“My question is about feminism and this idea that it’s stupid to be seductive,” Miuccia Prada said backstage after her show in Milan on Feb. 23. “Is it right or wrong for a woman to be seductive? Is seduction something that was invented by us or by society? Is it horrible?”
These questions were the animating force behind her beautiful new collection. Prada has been an outspoken feminist since the 1960s, and received a PhD in political science before later getting into the family business of selling luxury leather goods—and then of course launching her now-global fashion brand. Her show grappled with what an educated feminist is to make of feathers, lingerie, and the other long-standing signifiers of seduction in fashion. The subtext was the question of whether society or nature is to blame for the importance we place on a woman being sexually attractive.
Prada didn’t set out to offer clear answers, but rather channeled the inquiry into stunning designs loaded with those seductive tools and references to different views of femininity. The result was like a tour of decades-worth of women’s internal conflicts about being strong feminists and physically desirable at the same time.
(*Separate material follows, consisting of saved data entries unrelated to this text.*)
Lemma euler_gamma_bounds (m : nat) : (1 <= m)%nat ->
  0 <= harmonic m - ln (INR m) - euler_gamma <= / INR m.
Proof.
  set (u := fun p => harmonic (S p) - ln (INR (S p))).
  set (v := fun p => u p - / INR (S p)).
  assert (Hpos : forall p, 0 < INR (S p)) by (intros; apply lt_0_INR; lia).
  assert (Hdecr : forall p, u (S p) <= u p).
  { intros p. unfold u. rewrite (harmonic_S (S p)).
    pose proof (ln_le_sub_1 (INR (S p) / INR (S (S p))) (Rdiv_lt_0_compat _ _ (Hpos p) (Hpos (S p)))).
    rewrite ln_div in H by auto.
    replace (INR (S p) / INR (S (S p)) - 1) with (- / INR (S (S p))) in H
      by (rewrite (S_INR (S p)); field; pose proof (Hpos p); lra).
    lra. }
  assert (Hincr : forall p, v p <= v (S p)).
  { intros p. unfold v, u. rewrite (harmonic_S (S p)).
    pose proof (ln_le_sub_1 (INR (S (S p)) / INR (S p)) (Rdiv_lt_0_compat _ _ (Hpos (S p)) (Hpos p))).
    rewrite ln_div in H by auto.
    replace (INR (S (S p)) / INR (S p) - 1) with (/ INR (S p)) in H
      by (rewrite (S_INR (S p)); field; pose proof (Hpos p); lra).
    lra. }
  assert (Hvu : forall p, v p <= u p)
    by (intros p; unfold v; pose proof (Rinv_0_lt_compat _ (Hpos p)); lra).
  destruct (monotone_squeeze_limit u v Hdecr Hincr Hvu) as [l [Hl Hvlu]].
  assert (Hgamma : euler_gamma = l).
  { unfold euler_gamma. rewrite <- Lim_seq_incr_1. change (real (Lim_seq u) = l).
    rewrite (is_lim_seq_unique _ _ Hl). reflexivity. }
  destruct m as [|p]; [lia|]. intros _.
  specialize (Hvlu p). unfold v, u in Hvlu. rewrite Hgamma. lra.
Qed.

Lemma pow_add_sub_linear_bounds (k : nat) (L g : R) : 1 <= L -> 0 <= g <= 2 ->
  0 <= (L + g) ^ S (S k) - L ^ S (S k) - INR (S (S k)) * g * L ^ S k
    <= INR (S (S k)) * INR (S k) * 4 * 3 ^ k * L ^ k.
Proof.
  intros HL Hg.
  assert (HLg : 0 <= L <= L + g) by lra.
  destruct (pow_sub_pow_bounds _ _ (S k) HLg) as [Hlo2 Hhi2].
  destruct (pow_sub_pow_bounds _ _ k HLg) as [_ Hhi1].
  replace (L + g - L) with g in * by ring.
  assert (HN2 := pos_INR (S (S k))). assert (HN1 := pos_INR (S k)).
  assert (H3 : (L + g) ^ k <= 3 ^ k * L ^ k)
    by (rewrite <- Rpow_mult_distr; apply pow_incr; lra).
  assert (Hgg : g * g <= 4) by nra.
  assert (Hquad : g * (INR (S k) * g * (L + g) ^ k) <= INR (S k) * 4 * (3 ^ k * L ^ k)).
  { replace (g * (INR (S k) * g * (L + g) ^ k)) with (INR (S k) * (g * g) * (L + g) ^ k) by ring.
    apply Rmult_le_compat; [nra | apply pow_le; lra | nra | exact H3]. }
  split; [lra|].
  assert (Hstep : INR (S (S k)) * g * (L + g) ^ S k - INR (S (S k)) * g * L ^ S k
                  <= INR (S (S k)) * (INR (S k) * 4 * (3 ^ k * L ^ k))).
  { replace (INR (S (S k)) * g * (L + g) ^ S k - INR (S (S k)) * g * L ^ S k)
      with (INR (S (S k)) * (g * ((L + g) ^ S k - L ^ S k))) by ring.
    apply Rmult_le_compat_l; [lra|].
    apply (Rle_trans _ (g * (INR (S k) * g * (L + g) ^ k))); [|exact Hquad].
    apply Rmult_le_compat_l; lra. }
  lra.
Qed.

Lemma one_le_ln_le_id (x : R) : exp 1 <= x -> 1 <= ln x <= x.
Proof.
  intros Hx. assert (Hx0 : 0 < x) by (pose proof (exp_pos 1); lra). split.
  - rewrite <- (ln_exp 1). apply ln_le; [apply exp_pos | exact Hx].
  - pose proof (ln_le_sub_1 x Hx0). lra.
Qed.

Lemma euler_gamma_between_0_1 : 0 <= euler_gamma <= 1.
Proof.
  assert (Hb := euler_gamma_bounds 1 (le_n 1)).
  assert (H1 : harmonic 1 = 1).
  { unfold harmonic. rewrite sum_n_m_1_S, sum_n_m_1_0. simpl. lra. }
  rewrite H1 in Hb. change (INR 1) with 1 in Hb. rewrite ln_1, Rinv_1 in Hb. lra.
Qed.

Lemma harmonic_asymptotics (m : nat) : (1 <= m)%nat -> exp 1 <= INR m ->
  Rabs (harmonic m - ln (INR m) - euler_gamma) <= / ln (INR m).
Proof.
  intros Hm Hx. destruct (one_le_ln_le_id _ Hx) as [HL HLx].
  destruct (euler_gamma_bounds m Hm) as [Hlo Hhi].
  rewrite Rabs_pos_eq by exact Hlo.
  apply (Rle_trans _ _ _ Hhi), Rinv_le_contravar; lra.
Qed.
Among the details were those aforementioned feathers and lingerie. Prints based on old 1970s-esque movie posters featuring sexy starlets also appeared on several items—and some of the posters themselves lined the show space.
Knitwear, which Prada called “a symbol of women in the home but also of feminism,” was abundant. In the years following World War I, knits freed women from the constrictive, formal garments of earlier eras, and later morphed into the uniform of the mid-century housewife. Knit bra-tops revealing a good deal of skin mixed these reference points with the sexuality Prada was pondering.
Prada has acknowledged she’s had an uneasy relationship with fashion for years because of her feminism. It’s an industry focused largely on appearance, and feeds into the idea that there’s a narrow lane in which a woman must stay if she wants to be seen as seductive. Prada herself has arguably contributed to the stereotyping, even as she’s designed clothes that rail against it. How many models has she cast over the years that don’t match conventional standards of beauty?
Her goal with the latest line of clothes, she said, wasn’t to make any political statements, just to take in what was happening in the world around her. As critic Suzy Menkes points out at Vogue, many items could be easily separated from the collection and its context to find a home in a customer’s closet. The brand is still a business, after all.
But it’s just about impossible to separate feminism from politics today. Prada even repeated an anecdote she heard about the Women’s March in Washington, DC the day after US president Donald Trump’s inauguration: at least one older feminist there had marveled that after all these years, they’re still fighting.
“Forty, 50 years on and men still have the power, there’s much to do,” Prada said.